Copy, from the material below, every line in which the word "Definition" can be found.

> **EXCERPTED DATA**:
┌────────

Lemma ex_RInt_perturbed_integrand (e : R) :
  (forall t, a < t <= b -> inO c d j1 j2 (g t + e * eta t) (g' t + e * eta' t)) ->
  ex_RInt (fun t => L (g t + e * eta t) (g' t + e * eta' t)) p q.
Proof.
  intros HO. apply ex_RInt_segment; [lra|]. intros t Ht.
  apply (continuous_comp_pair (fun z => L (fst z) (snd z))
           (fun t => g t + e * eta t) (fun t => g' t + e * eta' t)).
  - apply continuous_plus_scal; [apply continuous_g; lra | apply continuous_eta].
  - apply continuous_plus_scal; [apply continuous_g'; lra | apply eta'_cont].
  - apply L_C1, HO. lra.
Qed.

Lemma eventually_unperturbed_at_left : at_left b (fun s => eta s = 0 /\ eta' s = 0).
Proof.
  exists (mkposreal (b - q) ltac:(lra)); simpl. intros s Hs _.
  apply eta_support. right. apply ball_R, Rabs_lt_between' in Hs. lra.
Qed.

Lemma is_RInt_gen_perturbed (e : R) :
  (forall t, a < t <= b -> inO c d j1 j2 (g t + e * eta t) (g' t + e * eta' t)) ->
  is_RInt_gen (lag_integrand L (fun t => g t + e * eta t) (fun t => g' t + e * eta' t))
    (at_right a) (at_point b)
    (lag_value L a b g g' + (RInt (fun t => L (g t + e * eta t) (g' t + e * eta' t)) p q
                             - RInt (lag_integrand L g g') p q)).
Proof.
  intros HO. destruct g_in_X as (_ & _ & _ & _ & _ & _ & [l Hl]).
  unfold lag_value. rewrite (is_RInt_gen_unique _ _ Hl).
  apply (is_RInt_gen_change_on_segment (lag_integrand L g g')); try lra; [| | | exact Hl].
  - intros t Ht. unfold lag_integrand.
    destruct (eta_support t ltac:(lra)) as [-> ->]. f_equal; ring.
  - exact (ex_RInt_perturbed_integrand e HO).
  - apply (ex_RInt_ext (fun t => L (g t + 0 * eta t) (g' t + 0 * eta' t))).
    + intros t _. unfold lag_integrand. f_equal; ring.
    + apply ex_RInt_perturbed_integrand. intros t Ht.
      rewrite !Rmult_0_l, !Rplus_0_r. now apply curve_in_O.
Qed.
(* Uses [sqrt 2 <= 3 / 2] and [7 / 8 <= expR (- 1 / 8)], leaving a factor 7/6. *)
Lemma inv_4e_sqrt_pi_le (s : R) : 0 < s ->
  1 / (4 * expR 1 * Num.sqrt pi) <= normal_peak s * expR (- (3 / 2) ^+ 2 / 2) * (s / 2).
Proof.
move=> s_gt0; set q := Num.sqrt (pi : R); set e := expR (1 : R).
have q_gt0 : 0 < q by rewrite sqrtr_gt0 pi_gt0.
have e_gt0 : 0 < e by exact: expR_gt0.
have sq_gt0 : 0 < 3 / 2 * s * q by rewrite !mulr_gt0.
have sqrt_le : Num.sqrt (s ^+ 2 * pi *+ 2) <= 3 / 2 * s * q.
  have -> : 3 / 2 * s * q = Num.sqrt ((3 / 2 * s * q) ^+ 2).
    by rewrite sqrtr_sqr ger0_norm // ltW.
  rewrite ler_sqrt ?sqr_ge0 // !exprMn /q sqr_sqrtr ?pi_ge0 // -mulr_natr.
  have := @pi_ge0 R; have := sqr_ge0 s; nra.
have peak_ge : (3 / 2 * s * q)^-1 <= normal_peak s.
  rewrite /normal_peak lef_pV2 // posrE sqrtr_gt0.
  by rewrite pmulrn_lgt0 // mulr_gt0 ?pi_gt0 // exprn_gt0.
have exp_ge : 7 / 8 / e <= expR (- (3 / 2) ^+ 2 / 2).
  have -> : - (3 / 2) ^+ 2 / 2 = - (1 / 8) - 1 :> R by field.
  rewrite expRB ler_pM2r ?invr_gt0 //.
  by have := expR_ge1Dx (- (1 / 8) : R); lra.
apply: (@le_trans _ _ ((3 / 2 * s * q)^-1 * (7 / 8 / e) * (s / 2))).
  have -> : (3 / 2 * s * q)^-1 * (7 / 8 / e) * (s / 2) = 1 / (4 * e * q) * (7 / 6).
    by field; rewrite !gt_eqF.
  by rewrite ler_peMr ?divr_ge0 ?mulr_ge0 ?ltW //; lra.
rewrite ler_pM2r ?divr_gt0 //; apply: ler_pM => //.
- by rewrite invr_ge0 ltW.
- by rewrite divr_ge0 ?ltW //; lra.
Qed.
(* Let $E$ be a Bratteli diagram with levels $(V_n)_{n\ge 0}$ such that $k_{vw} := |vE^1w| > n$ for every $n\in\mathbb{N}$, $v\in V_n$ and $w\in V_{n+1}$, and let $G$ be its graph groupoid. For each such $v,w$ label $vE^1w = \{(vw)_0,\dots,(vw)_{k_{vw}-1}\}$ and let $\alpha$ be the graph automorphism of $E$ fixing every vertex with $\alpha((vw)_i) = (vw)_{(i+1) \bmod k_{vw}}$. Then there is an automorphism $\alpha$ of the topological groupoid $G$ with $\alpha(x,m,y) = (\alpha(x), m, \alpha(y))$ for $(x,m,y)\in G$ (where $\alpha(x)_i = \alpha(x_i)$), and this automorphism satisfies: (W) if $x\in G^{(0)}$ and $l\in\mathbb{Z}$ satisfy $[x]=[\alpha^l(x)]$ then $l=0$; and (L) there is a basis $\mathcal{B}$ for the topology on $G^{(0)}$ of compact open bisections such that for every $V\in\mathcal{B}$ there is $l\ge1$ with $\alpha^{-l}(V)\subseteq V$.
   Context: A Bratteli diagram is a row-finite directed graph $E$ (countable vertex set $E^0$, edge set $E^1$, maps $r,s:E^1\to E^0$) whose vertex set is partitioned into finite sets $V_n$, $n=0,1,2,\dots$, with $E^1 = \bigcup_n V_nE^1V_{n+1}$ (here $vE^1w = \{e : r(e)=v, s(e)=w\}$), such that $vE^1\ne\emptyset$ for all $v\in E^0$ and $E^1v\ne\emptyset$ for all $v\notin V_0$. Infinite paths are sequences $x = x_1x_2\dots$ of edges with $s(x_i)=r(x_{i+1})$; $E^\infty$ is the set of them, and $\sigma^n(x) = x_{n+1}x_{n+2}\dots$. For a finite path $\mu$, $Z(\mu) = \{x\in E^\infty : x \text{ begins with } \mu\}$. The graph groupoid is $G = \{(x,m-n,y) : x,y\in E^\infty, \sigma^m(x)=\sigma^n(y)\}$ with $(x,k,y)(y,l,z)=(x,k+l,z)$, $(x,k,y)^{-1}=(y,-k,x)$, unit space identified with $E^\infty$, and topology with basic open sets $Z(\mu,\nu)=\{(\mu z, |\mu|-|\nu|, \nu z) : z\in E^\infty\}$ for finite paths $\mu,\nu$ with $s(\mu)=s(\nu)$. For $u\in G^{(0)}$, $[u]=\{r(g): s(g)=u\}$. *)

From Stdlib Require List.
From mathcomp Require Import all_boot all_order all_algebra.
Set Implicit Arguments. Unset Strict Implicit. Unset Printing Implicit Defensive.
Import GRing.Theory Num.Theory.

(* Concrete encoding of a Bratteli diagram:
   level n has the vertices 0, ..., N n - 1 (the finite set V_n), and for
   v in V_n, w in V_{n+1} the edge set vE^1w is {(vw)_0, ..., (vw)_{k n v w - 1}};
   the edge (vw)_i is encoded as [Edge n v w i], with r = (n,v), s = (n+1,w). *)

Record edge := Edge { elev : nat; erng : nat; esrc : nat; eidx : nat }.
Definition vertex := (nat * nat)%type.

Section Bratteli.
Variables (N : nat -> nat) (k : nat -> nat -> nat -> nat).

Definition r (e : edge) : vertex := (elev e, erng e).
Definition s (e : edge) : vertex := ((elev e).+1, esrc e).

Definition valid_vertex (v : vertex) : Prop := (v.2 < N v.1)%N.
Definition valid_edge (e : edge) : Prop :=
  [/\ (erng e < N (elev e))%N, (esrc e < N (elev e).+1)%N
    & (eidx e < k (elev e) (erng e) (esrc e))%N].

(* infinite paths x = x_0 x_1 ... (the paper's x_1 x_2 ...) *)
Definition epath := nat -> edge.
Definition is_inf_path (x : epath) : Prop :=
  forall j, valid_edge (x j) /\ s (x j) = r (x j.+1).
Definition shift (m : nat) (x : epath) : epath := fun j => x (m + j).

└────────

> **RESPONSE**:
Definition vertex := (nat * nat)%type.
Definition r (e : edge) : vertex := (elev e, erng e).
Definition s (e : edge) : vertex := ((elev e).+1, esrc e).
Definition valid_vertex (v : vertex) : Prop := (v.2 < N v.1)%N.
Definition valid_edge (e : edge) : Prop :=
Definition epath := nat -> edge.
Definition is_inf_path (x : epath) : Prop :=
Definition shift (m : nat) (x : epath) : epath := fun j => x (m + j).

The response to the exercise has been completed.